WORK TO COMPLETE ▸ With the material below, print exactly the lines between the line holding "forall c, c" and the line holding "have a'G := subsetP", inclusive. Add nothing else.

INPUT DATA ▸
Lemma cent_maximal_translates_disjoint x w a (T : {set gT}) :
    cent_maximal x -> cent_maximal w -> 'C_G[w] != 'C_G[x] ->
    a \in 'Z('C_G[x]) :\: 'Z(G) -> T \subset 'Z('C_G[w]) ->
  a *: T :&: a^-1 *: T = set0.
Proof.
move=> x_max w_max Cwx aA sTA.
apply/setP=> u; rewrite inE in_set0; apply/andP=> [[/lcosetP[t1 t1T ->]]].
case/lcosetP=> t2 t2T e.
have a2E : a ^+ 2 = t2 * t1^-1.
  by rewrite -(mulKVg a t2) -e mulgA mulgK expgS expg1.
move: (cent_maximal_sqr_notin_center x_max w_max Cwx aA).
by rewrite a2E groupM ?groupV ?(subsetP sTA).
Qed.

Lemma expn_center_transfer x w a k :
    cent_maximal x -> cent_maximal w -> w \in 'C_G[x] -> 'C_G[w] != 'C_G[x] ->
    a \in 'Z('C_G[x]) :\: 'Z(G) -> a ^+ k \in 'Z(G) ->
  {in 'Z('C_G[w]), forall c, c ^+ k \in 'Z(G)}.
Proof.
move=> x_max w_max wCx Cwx aA akZ c0 c0A; apply/negPn/negP => c0kZ.
have /setDP[xG xZ] := x_max.1.
have aG := subsetP (center_subcent1_sub G x) a (setDP aA).1.
have c0G := subsetP (center_subcent1_sub G w) c0 c0A.
set A := 'Z('C_G[w]); set P := [set c | c ^+ k \in 'Z(G)]; set T := A :\: P.
have AP_le_T : #|A :&: P| <= #|T| := card_expn_mem_le (center_abelian _) c0A c0kZ.
have CaT a' : a' \in 'Z('C_G[x]) :\: 'Z(G) -> a' ^+ k \in 'Z(G) ->
    {in T, forall t, 'C_G[a' * t] = 'C_G[x] :&: 'C_G[w]}.
  by move=> a'A a'kZ t /setDP[tA]; rewrite in_set; apply: subcent1_mul_centers.
have c0T : c0 \in T by rewrite in_setD in_set c0kZ.
have Cac0 := CaT a aA akZ c0 c0T.
have ac0GZ : a * c0 \in G :\: 'Z(G).
  rewrite in_setD (groupM aG c0G) andbT.
  apply: contra xZ => ac0Z; rewrite -subcent1_eqG // eqEsubset subsetIl /=.
  by apply: subset_trans (subsetIl _ 'C_G[w]); rewrite -Cac0 subcent1_center.
have T_beta a' : a' \in 'Z('C_G[x]) :\: 'Z(G) -> a' ^+ k \in 'Z(G) ->
    a' *: T \subset beta_set G (a * c0).
  move=> a'A a'kZ; apply/subsetP=> u /lcosetP[t tT ->].
  have a'G := subsetP (center_subcent1_sub G x) a' (setDP a'A).1.
  have tG := subsetP (center_subcent1_sub G w) t (setDP tT).1.
  by rewrite inE groupM //= (CaT a') // Cac0.
have disjT := cent_maximal_translates_disjoint x_max w_max Cwx aA (subsetDl A P).
have aVA : a^-1 \in 'Z('C_G[x]) :\: 'Z(G) by rewrite in_setD !groupV -in_setD.
have : #|a *: T :|: a^-1 *: T| <= b.
  rewrite -(card_beta ac0GZ) subset_leq_card // subUset.
  by rewrite (T_beta a) // (T_beta a^-1) // expgVn groupV.
rewrite cardsU disjT cards0 subn0 !card_lcoset => TT_le_b.
have card_A : #|A| = (#|'Z(G)| + b)%N.
  by rewrite card_center_cent_maximal // card_beta // w_max.1.
have Z_gt0 : 0 < #|'Z(G)| := cardG_gt0 _.
have : (#|'Z(G)| + b <= b)%N.
  by rewrite -card_A -(cardsID P A) (leq_trans _ TT_le_b) // leq_add2r.
by rewrite -{2}[b]add0n leq_add2r leqNgt Z_gt0.
Qed.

EXERCISE RESPONSE ▸
  {in 'Z('C_G[w]), forall c, c ^+ k \in 'Z(G)}.
Proof.
move=> x_max w_max wCx Cwx aA akZ c0 c0A; apply/negPn/negP => c0kZ.
have /setDP[xG xZ] := x_max.1.
have aG := subsetP (center_subcent1_sub G x) a (setDP aA).1.
have c0G := subsetP (center_subcent1_sub G w) c0 c0A.
set A := 'Z('C_G[w]); set P := [set c | c ^+ k \in 'Z(G)]; set T := A :\: P.
have AP_le_T : #|A :&: P| <= #|T| := card_expn_mem_le (center_abelian _) c0A c0kZ.
have CaT a' : a' \in 'Z('C_G[x]) :\: 'Z(G) -> a' ^+ k \in 'Z(G) ->
    {in T, forall t, 'C_G[a' * t] = 'C_G[x] :&: 'C_G[w]}.
  by move=> a'A a'kZ t /setDP[tA]; rewrite in_set; apply: subcent1_mul_centers.
have c0T : c0 \in T by rewrite in_setD in_set c0kZ.
have Cac0 := CaT a aA akZ c0 c0T.
have ac0GZ : a * c0 \in G :\: 'Z(G).
  rewrite in_setD (groupM aG c0G) andbT.
  apply: contra xZ => ac0Z; rewrite -subcent1_eqG // eqEsubset subsetIl /=.
  by apply: subset_trans (subsetIl _ 'C_G[w]); rewrite -Cac0 subcent1_center.
have T_beta a' : a' \in 'Z('C_G[x]) :\: 'Z(G) -> a' ^+ k \in 'Z(G) ->
    a' *: T \subset beta_set G (a * c0).
  move=> a'A a'kZ; apply/subsetP=> u /lcosetP[t tT ->].
  have a'G := subsetP (center_subcent1_sub G x) a' (setDP a'A).1.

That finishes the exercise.